───── Records provided ─────

(* Assume $h,\tau$ are such that $\int_0^T\int_{\mathcal D}\tilde Q_{h\tau}(t)\,dx\,dt>0$, and let $\rho>0$. For $V\in\mathbb U_{h\tau}$ define $$\mu(V)=\frac{\max\big\{\int_0^T\int_{\mathcal D}\mathbb E[X_{h\tau}(V)]\,dx\,dt-\delta,\,0\big\}}{\rho\int_0^T\int_{\mathcal D}\tilde Q_{h\tau}(t)\,dx\,dt},\qquad \mathbb R_hV:=V-\rho\,\mu(V)\,\tilde M_{h\tau}.$$ Then for every $V\in\mathbb U_{h\tau}$, $$\mathbb E\big[[V-\mathbb R_hV,\,W-\mathbb R_hV]\big]\le0\qquad\forall W\in\mathbb U_{h\tau,\delta},$$ and for all $V,P\in\mathbb U_{h\tau}$, $$\int_0^T\mathbb E\|\mathbb R_hV(t)-\mathbb R_hP(t)\|^2dt\le\int_0^T\mathbb E\|V(t)-P(t)\|^2dt.$$
   Context: Setting: $T>0$; complete probability space with $\mathbb F=\{\mathcal F_t\}$ the natural filtration of a one-dimensional standard Brownian motion $W_t$; $\mathcal D\subset\mathbb R^d$ ($d=1,2,3$) bounded with smooth boundary; $\|\cdot\|$ the $L^2(\mathcal D)$ norm; $[U,V]=\int_0^T\int_{\mathcal D}UV\,dx\,dt$. Data $\delta\in\mathbb R$, $X_0\in L^2(\mathcal D)$, $\sigma$ adapted square-integrable $L^2(\mathcal D)$-valued. Finite elements: regular triangulation with mesh size $h$; $\mathbb V_h^1$ continuous piecewise linears vanishing on $\partial\mathcal D$; $\Pi^1_h$ the $L^2$-projection onto $\mathbb V^1_h$; $\Delta_h$ with $(-\Delta_h\xi_h,\phi_h)=(\nabla\xi_h,\nabla\phi_h)$. Time grid $t_n=n\tau$, $\tau=T/N\le1$, $\Delta W_{n+1}=W_{t_{n+1}}-W_{t_n}$. $\mathbb U_{h\tau}$: $\mathbb F$-adapted square-integrable $\mathbb V^1_h$-valued processes with $U(t)=U(t_n)$ on $[t_n,t_{n+1})$. For $V\in\mathbb U_{h\tau}$, $X_{h\tau}(V)$ is defined by $X(t_{n+1})-X(t_n)=\tau[\Delta_hX(t_{n+1})+V(t_n)]+\Pi^1_h\sigma(t_n)\Delta W_{n+1}$, $X(0)=\Pi^1_hX_0$, and $X(t)=\mathbb E[X(t_{n+1})|\mathcal F_{t_n}]$ for $t\in(t_n,t_{n+1})$. $\mathbb U_{h\tau,\delta}=\{V\in\mathbb U_{h\tau}:\int_0^T\int_{\mathcal D}\mathbb E[X_{h\tau}(V)]dxdt\le\delta\}$. Deterministic functions: $\tilde M_{h\tau}$ ($\mathbb V^1_h$-valued, $\tilde M(t)=\tilde M(t_n)$ on $[t_n,t_{n+1})$) solves $\tilde M_{h\tau}(t_{n+1})-\tilde M_{h\tau}(t_n)=\tau[-\Delta_h\tilde M_{h\tau}(t_n)-\Pi^1_h1]$, $\tilde M_{h\tau}(T)=0$; $\tilde Q_{h\tau}$ ($\mathbb V^1_h$-valued, $\tilde Q(t)=\tilde Q(t_{n+1})$ on $(t_n,t_{n+1}]$) solves $\tilde Q_{h\tau}(t_{n+1})-\tilde Q_{h\tau}(t_n)=\tau[\Delta_h\tilde Q_{h\tau}(t_{n+1})+\tilde M_{h\tau}(t_n)]$, $\tilde Q_{h\tau}(0)=0$. *)

From HB Require Import structures.
From mathcomp Require Import all_boot all_order all_algebra.
From mathcomp Require Import all_classical all_reals all_analysis.
From mathcomp Require Import normal_distribution.
Set Implicit Arguments. Unset Strict Implicit. Unset Printing Implicit Defensive.
Import Order.TTheory GRing.Theory Num.Theory.
Import numFieldNormedType.Exports.
Local Open Scope classical_set_scope.
Local Open Scope ring_scope.

(* Spatial discretisation: an element of V_h^1 is represented by its  *)
(* coefficient row vector u : 'rV_m w.r.t. the nodal basis (phi_i).    *)
(* Mss = mass matrix (phi_i,phi_j), Stf = stiffness matrix            *)
(* (grad phi_i, grad phi_j), bvec_i = \int_D phi_i dx.                 *)
Section spatial.
Context {R : realType} {m : nat}.

Definition l2ip (Mss : 'M[R]_m) (u v : 'rV[R]_m) : R := (u *m Mss *m v^T) 0 0.
Definition stiff (Stf : 'M[R]_m) (u v : 'rV[R]_m) : R := (u *m Stf *m v^T) 0 0.
Definition intD (bvec : 'rV[R]_m) (u : 'rV[R]_m) : R := (u *m bvec^T) 0 0.

Definition sym_posdef (A : 'M[R]_m) : Prop :=
  A^T = A /\ forall v : 'rV[R]_m, v != 0 -> 0 < (v *m A *m v^T) 0 0.

Definition is_discrete_laplacian (Mss Stf : 'M[R]_m) (Lh : 'rV[R]_m -> 'rV[R]_m) :=
  forall u v, l2ip Mss (- Lh u) v = stiff Stf u v.

Definition is_proj_one (Mss : 'M[R]_m) (bvec : 'rV[R]_m) (Pi1 : 'rV[R]_m) :=
  forall v, l2ip Mss Pi1 v = intD bvec v.

End spatial.

Section proba.
Context {R : realType} {d : measure_display} {Omega : measurableType d}.
Variable P : probability Omega R.

Definition meas_wrt (G : set (set Omega)) (f : Omega -> R) : Prop :=
  forall B : set R, measurable B -> G (f @^-1` B).

Definition gen_nat (W : R -> Omega -> R) (t : R) : set (set Omega) :=
  <<s setT, [set A | exists r (B : set R),
              [/\ 0 <= r, r <= t, measurable B & A = W r @^-1` B]] >>.

Definition natF (W : R -> Omega -> R) (t : R) : set (set Omega) :=
  [set A | measurable A /\ exists B, gen_nat W t B /\
            P.-negligible ((A `\` B) `|` (B `\` A))].

Definition indep_of (G : set (set Omega)) (Z : Omega -> R) : Prop :=
  forall A (B : set R), G A -> measurable B ->
    P (A `&` Z @^-1` B) = (P A * P (Z @^-1` B))%E.

Definition std_BM (W : R -> Omega -> R) : Prop :=
  [/\ (forall t, measurable_fun setT (W t)),
      (forall w, W 0 w = 0),
      (forall w, {within `[0, +oo[, continuous (fun t => W t w)}) &
      (forall s t, 0 <= s -> s < t ->
         (forall B : set R, measurable B ->
            P ((fun w => W t w - W s w) @^-1` B) = normal_prob 0 (Num.sqrt (t - s)) B)
         /\ indep_of (gen_nat W s) (fun w => W t w - W s w))].

Definition cexp_version (G : set (set Omega)) (Z Y : Omega -> R) : Prop :=
  [/\ P.-integrable setT (EFin \o Z), meas_wrt G Y,
      P.-integrable setT (EFin \o Y) &
      forall A, G A -> (\int[P]_(x in A) (Y x)%:E = \int[P]_(x in A) (Z x)%:E)%E].

End proba.

(* Time-discrete processes: a process U in U_{h tau} (piecewise        *)
(* constant, U(t) = U(t_n) on [t_n,t_{n+1})) is represented by the     *)
(* sequence n |-> U(t_n), n = 0..N-1, of V_h^1-valued random vectors. *)
Section procs.
Context {R : realType} {d : measure_display} {Omega : measurableType d} {m : nat}.
Variable P : probability Omega R.

Definition proc := nat -> Omega -> 'rV[R]_m.

Definition inU (N : nat) (F : nat -> set (set Omega)) (Mss : 'M[R]_m) (U : proc) :=
  forall n, (n < N)%N ->
    (forall i : 'I_m, meas_wrt (F n) (fun w => U n w 0 i)) /\
    P.-integrable setT (fun w => (l2ip Mss (U n w) (U n w))%:E).

Definition Evec (X : Omega -> 'rV[R]_m) : 'rV[R]_m :=
  \row_i (\int[P]_w (X w 0 i)).

Definition Ebr (N : nat) (tau : R) (Mss : 'M[R]_m) (A B : proc) : R :=
  \int[P]_w (\sum_(n < N) tau * l2ip Mss (A n w) (B n w)).

Definition Enorm2 (N : nat) (tau : R) (Mss : 'M[R]_m) (A : proc) : R :=
  \sum_(n < N) tau * \int[P]_w (l2ip Mss (A n w) (A n w)).

End procs.

(* X_{h tau}(V) depends affinely on V, and its linear part is adjoint to the
   backward scheme for M~: telescoping the discrete product rule for
   (M~(t_n), X(t_n)) gives J(V) - J(V') = [M~, E V - E V'] for the cost
   J(V) = \int\int E[X_{h tau}(V)], and likewise \int\int Q~ = [M~, M~] =: K > 0.
   So U_{h tau,delta} is a half-space with normal M~ and R_h is the projection
   onto it along M~.  With k = rho mu(V) one has k K = (J V - delta)^+, hence
   E[[V - R_h V, W - R_h V]] = k (J W - J V) + k^2 K = k (J W - delta) <= 0
   when k > 0.  Likewise E||R_h V - R_h P||^2 = E||V - P||^2 - 2 c (J V - J P)
   + c^2 K with c K = (J V - delta)^+ - (J P - delta)^+, and c^2 K <= c (J V - J P)
   because x |-> (x - delta)^+ is firmly non-expansive. *)
From HB Require Import structures.
From mathcomp Require Import all_boot all_order all_algebra.
From mathcomp Require Import all_classical all_reals all_analysis.
From mathcomp Require Import ring lra.
From mathcomp Require Import measurable_realfun.
Set Implicit Arguments. Unset Strict Implicit. Unset Printing Implicit Defensive.
Import Order.TTheory GRing.Theory Num.Theory.
Local Open Scope classical_set_scope.
Local Open Scope ring_scope.

Section inner_product.
Context {R : realType} {m : nat}.
Implicit Types (M : 'M[R]_m) (u v w a : 'rV[R]_m).

Lemma l2ipDl M u v w : l2ip M (u + v) w = l2ip M u w + l2ip M v w.
Proof. by rewrite /l2ip !mulmxDl mxE. Qed.

Lemma l2ipDr M u v w : l2ip M u (v + w) = l2ip M u v + l2ip M u w.
Proof. by rewrite /l2ip linearD /= mulmxDr mxE. Qed.

Lemma l2ipZl M c u w : l2ip M (c *: u) w = c * l2ip M u w.
Proof. by rewrite /l2ip -!scalemxAl mxE. Qed.

Lemma l2ipZr M c u w : l2ip M u (c *: w) = c * l2ip M u w.
Proof. by rewrite /l2ip linearZ /= -scalemxAr mxE. Qed.

Lemma l2ipNl M u w : l2ip M (- u) w = - l2ip M u w.
Proof. by rewrite -scaleN1r l2ipZl mulN1r. Qed.

Lemma l2ipNr M u w : l2ip M u (- w) = - l2ip M u w.
Proof. by rewrite -scaleN1r l2ipZr mulN1r. Qed.

Lemma l2ipBl M u v w : l2ip M (u - v) w = l2ip M u w - l2ip M v w.
Proof. by rewrite l2ipDl l2ipNl. Qed.

Lemma l2ipBr M u v w : l2ip M u (v - w) = l2ip M u v - l2ip M u w.
Proof. by rewrite l2ipDr l2ipNr. Qed.

Lemma l2ip0l M w : l2ip M 0 w = 0.
Proof. by rewrite /l2ip !mul0mx mxE. Qed.

Lemma l2ip0r M w : l2ip M w 0 = 0.
Proof. by rewrite /l2ip trmx0 mulmx0 mxE. Qed.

─────

- [Work required]: Using the entries shown above, reproduce verbatim the lines from the line bearing "P.-integrable setT (fun" to the line bearing "Definition Enorm2 (N", inclusive.

- [Task answer]:
    P.-integrable setT (fun w => (l2ip Mss (U n w) (U n w))%:E).

Definition Evec (X : Omega -> 'rV[R]_m) : 'rV[R]_m :=
  \row_i (\int[P]_w (X w 0 i)).

Definition Ebr (N : nat) (tau : R) (Mss : 'M[R]_m) (A B : proc) : R :=
  \int[P]_w (\sum_(n < N) tau * l2ip Mss (A n w) (B n w)).

Definition Enorm2 (N : nat) (tau : R) (Mss : 'M[R]_m) (A : proc) : R :=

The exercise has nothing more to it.